Les enquêteurs perquisitionnent donc pour rechercher et rassembler les pièces en relation avec le fait incriminé, pour concrétiser les éléments constitutifs de l’infraction pour distinguer le rôle de l’auteur, celui du complice, celui de receleur pour reconstituer les faits avec exactitude et précision.

« Les objets retrouvés sont saisis, mis sous scellée et constituent les pièces à conviction qui accompagnent la procédure au niveau du parquet », enseigne l’Adjudant Sanon

La perquisition est soumise à des conditions de forme et de temps. Elle doit se faire en présence de témoins et un procès-verbal d’acte de perquisition doit être établi. Aussi « aucune perquisition ne peut débuter avant 6h ou après 21 », sauf en période d’état de siège (dans ce cas la perquisition s’effectue sur ordre de l’autorité militaire) ou dans le cas d’un Etat d’urgence (sur ordre de l’autorité administrative).

Outre ces deux exceptions, le Capitaine Jean Bosco Sawadogo, commandant de groupement de gendarmerie départementale de Koudougou ajoute d’autres, sur un ton magistral. « En cas de proxénétisme, on peut descendre chez vous à 3h du matin, si vous êtes soupçonné de terrorisme, on n’attendra pas l’heure légale. On va descendre chez vous à 1 h du matin. Si vous êtes soupçonné d’être un trafiquant de drogue, nous ne respecterons pas le temps légal ; à tout moment nous pouvons tomber sur vous à bras raccourcis ; ce sont les exceptions légales ».
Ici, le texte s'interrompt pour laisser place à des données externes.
(* x and y are the real and imaginary parts of an eigenvector for the eigenvalue a + i b. *)
Lemma qform_eigen_pair n (Y M : 'M[R]_n) a b x y : Y^T = Y ->
  M *m x = a *: x - b *: y -> M *m y = b *: x + a *: y ->
  qform Y (M *m x) + qform Y (M *m y) = (a ^+ 2 + b ^+ 2) * (qform Y x + qform Y y).
Proof.
move=> Y_sym -> ->; rewrite -scaleNr !qform_sym_lincomb // sqrrN; ring.
Qed.

Lemma qform_gram n p (C : 'M[R]_(p, n)) v : qform (C^T *m C) v = vdot (C *m v) (C *m v).
Proof. by rewrite qformE -mulmxA vdot_mulr trmxK. Qed.

End QuadraticForms.

Section RiccatiOperator.
Variables (R : realType) (n m : nat) (A : 'M[R]_n) (B : 'M[R]_(n, m)).
Variables (Q : 'M[R]_n) (Rw : 'M[R]_m).
Hypotheses (hQ : psd Q) (hR : pd Rw).

Definition ric_den (X : 'M[R]_n) := Rw + B^T *m X *m B.

Definition ric (X : 'M[R]_n) :=
  A^T *m X *m A - A^T *m X *m B *m invmx (ric_den X) *m B^T *m X *m A + Q.

Definition ric_gain (X : 'M[R]_n) := - (invmx (ric_den X) *m B^T *m X *m A).

(* Cost map of the fixed feedback u = K x; [ric] is its minimum over K. *)
Definition bellman (K : 'M[R]_(m, n)) (X : 'M[R]_n) :=
  (A + B *m K)^T *m X *m (A + B *m K) + Q + K^T *m Rw *m K.

Lemma dare_ric X : dare A B Q Rw X <-> X = ric X.
Proof. by []. Qed.

Lemma qform_bellman K X v :
  qform (bellman K X) v = qform X ((A + B *m K) *m v) + qform Q v + qform Rw (K *m v).
Proof. by rewrite /bellman !qformD !qform_conj. Qed.

Lemma ric_den_pd X : psd X -> pd (ric_den X).
Proof. by move=> X_psd; apply: psd_conj_add. Qed.

Lemma ric_den_unitmx X : psd X -> ric_den X \in unitmx.
Proof. by move=> X_psd; apply/pd_unitmx/ric_den_pd. Qed.

(* Completion of squares in the input variable. *)
Lemma qform_bellman_ric K X v : psd X ->
  qform (bellman K X) v = qform (ric X) v + qform (ric_den X) ((K - ric_gain X) *m v).
Proof.
move=> X_psd; have [X_sym _] := X_psd; have [D_sym _] := ric_den_pd X_psd.
set D := ric_den X in D_sym *; set F := B^T *m X *m A.
set w := K *m v; set g := invmx D *m (F *m v).
have Dg : D *m g = F *m v by rewrite mulmxA mulmxV ?ric_den_unitmx // mul1mx.
have -> : (K - ric_gain X) *m v = w + g.
  by rewrite /ric_gain -/D mulmxBl mulNmx opprK /g /F !mulmxA.
have -> : qform (ric X) v = qform X (A *m v) - vdot (F *m v) g + qform Q v.
  rewrite /ric -/D.
  have -> : A^T *m X *m B *m invmx D *m B^T *m X *m A = F^T *m invmx D *m F.
    by rewrite !trmx_mul trmxK X_sym !mulmxA.
  by rewrite qformD qformB !qform_conj [qform (invmx D) _]qformE.
have cross : vdot (A *m v) (X *m (B *m w)) = vdot w (F *m v).
  by rewrite vdotC mulmxA vdot_mull trmx_mul X_sym /F !mulmxA.
rewrite qform_bellman mulmxDl -mulmxA qform_sym_addv // cross.
rewrite qform_sym_addv // Dg {2}/D qformD qform_conj -/w.
rewrite [qform D g]qformE Dg [vdot g _]vdotC.
ring.
Qed.
(* Let $\hat\alpha\in\{-1,-2,\dots\}$ and let $\mathcal F=(F_1,F_2)$ be a pair of finite sets of positive integers. Then the polynomials $L_n^{\hat\alpha;\mathcal F}$, $n\in\sigma_{\mathcal F}$, are common eigenfunctions of the second order differential operator $D_{\mathcal F}=x\partial^2+h_1(x)\partial+h_0(x)$, $\partial=d/dx$, where $h_1(x)=\hat\alpha+k+1-x-2x\frac{(\Omega^{\hat\alpha}_{\mathcal F})'(x)}{\Omega^{\hat\alpha}_{\mathcal F}(x)}$ and $h_0(x)=-k_1-u_{\mathcal F}+(x-\hat\alpha-k)\frac{(\Omega^{\hat\alpha}_{\mathcal F})'(x)}{\Omega^{\hat\alpha}_{\mathcal F}(x)}+x\frac{(\Omega^{\hat\alpha}_{\mathcal F})''(x)}{\Omega^{\hat\alpha}_{\mathcal F}(x)}$; more precisely $D_{\mathcal F}(L_n^{\hat\alpha;\mathcal F})=-n\,L_n^{\hat\alpha;\mathcal F}$ for $n\in\sigma_{\mathcal F}$.
   Context: $k_i=|F_i|$, $k=k_1+k_2$. Laguerre: $L_n^\alpha(x)=\sum_{j=0}^n\frac{(-x)^j}{j!}\binom{n+\alpha}{n-j}$. $u_{\mathcal F}=\sum_{f\in F_1}f+\sum_{f\in F_2}f-\binom{k_1+1}{2}-\binom{k_2}{2}$; $\sigma_{\mathcal F}=\{u_{\mathcal F},u_{\mathcal F}+1,\dots\}\setminus\{u_{\mathcal F}+f:f\in F_1\}$. $L_n^{\hat\alpha;\mathcal F}(x)$ is the $(k+1)\times(k+1)$ determinant with first row $\big((L^{\hat\alpha}_{n-u_{\mathcal F}})^{(j-1)}(x)\big)_{j=1}^{k+1}$, then rows $\big((L_f^{\hat\alpha})^{(j-1)}(x)\big)_j$ for $f\in F_1$ (increasing), then rows $\big(L_f^{\hat\alpha+j-1}(-x)\big)_j$ for $f\in F_2$. $\Omega^{\hat\alpha}_{\mathcal F}(x)$ is the $k\times k$ determinant with rows $\big((L_f^{\hat\alpha})^{(j-1)}(x)\big)_{j=1}^k$, $f\in F_1$, followed by rows $\big(L_f^{\hat\alpha+j-1}(-x)\big)_{j=1}^k$, $f\in F_2$. *)

From HB Require Import structures.
From mathcomp Require Import all_boot all_order all_algebra.
Set Implicit Arguments. Unset Strict Implicit. Unset Printing Implicit Defensive.
Import Order.TTheory GRing.Theory Num.Theory.
Local Open Scope ring_scope.

Section Defs.
Variable R : numFieldType.

Definition gbinom (a : R) (m : nat) : R :=
  (\prod_(i < m) (a - i%:R)) / (m`!)%:R.

Definition laguerre (a : R) (n : nat) : {poly R} :=
  \sum_(j < n.+1) (((-1) ^+ j / (j`!)%:R) * gbinom (n%:R + a) (n - j)) *: 'X^j.

(* u_F = sum F1 + sum F2 - binom(k1+1,2) - binom(k2,2)  (always >= 0) *)
Definition uF (F1 F2 : seq nat) : nat :=
  (\sum_(f <- F1) f + \sum_(f <- F2) f - ('C((size F1).+1, 2) + 'C(size F2, 2)))%N.

Definition in_sigmaF (F1 F2 : seq nat) (n : nat) : bool :=
  (uF F1 F2 <= n)%N && ((n - uF F1 F2)%N \notin F1).

(* entry (row r, column j; both 0-indexed) of the rows indexed by F1 then F2:
   rows for f in F1: (L_f^a)^{(j)}(x); rows for f in F2: L_f^{a+j}(-x) *)
Definition rowF (a : int) (F1 F2 : seq nat) (r j : nat) : {poly R} :=
  if (r < size F1)%N then (laguerre a%:~R (nth 0%N F1 r))^`(j)
  else (laguerre (a + j%:Z)%:~R (nth 0%N F2 (r - size F1))) \Po (- 'X).

Definition OmegaF (a : int) (F1 F2 : seq nat) : {poly R} :=
  \det (\matrix_(i < size F1 + size F2, j < size F1 + size F2)
          rowF a F1 F2 i j).

Definition LaguerreF (a : int) (F1 F2 : seq nat) (n : nat) : {poly R} :=
  \det (\matrix_(i < (size F1 + size F2).+1, j < (size F1 + size F2).+1)
          (if i == 0 :> nat then (laguerre a%:~R (n - uF F1 F2)%N)^`(j)
           else rowF a F1 F2 i.-1 j)).

(* coefficients of D_F, evaluated at a point x where Omega(x) != 0 *)
Definition h1F (a : int) (F1 F2 : seq nat) (x : R) : R :=
  let Om := OmegaF a F1 F2 in
  a%:~R + (size F1 + size F2)%:R + 1 - x - 2 * x * (Om^`()).[x] / Om.[x].

Definition h0F (a : int) (F1 F2 : seq nat) (x : R) : R :=
  let Om := OmegaF a F1 F2 in
  - (size F1)%:R - (uF F1 F2)%:R
  + (x - a%:~R - (size F1 + size F2)%:R) * (Om^`()).[x] / Om.[x]
  + x * (Om^`(2)).[x] / Om.[x].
C’est quand tous les éléments sont réunis que le présumé coupable est transféré devant le procureur pour répondre des faits à lui reprochés.

Toute la procédure est donc suivie par le procureur et la hiérarchie de L’OPJ. Depuis qu’une affaire est portée à la connaissance de la gendarmerie, le commandant de brigade décide en ce moment de confier ce problème à un groupe d’enquêteurs de concert avec les OPJ et le commandant de brigade de la gendarmerie qui est un officier de police judiciaire rend compte à son commandant de compagnie qui rend compte à son tour à son commandant de groupement. Le tout sous le contrôle du directeur d’enquête qui est le procureur du Faso.

« Un gendarme ne peut libérer un individu parce qu’il veut le faire, ou décider d’enfermer quelqu’un parce qu’il le veut », a conclu le capitaine Yé.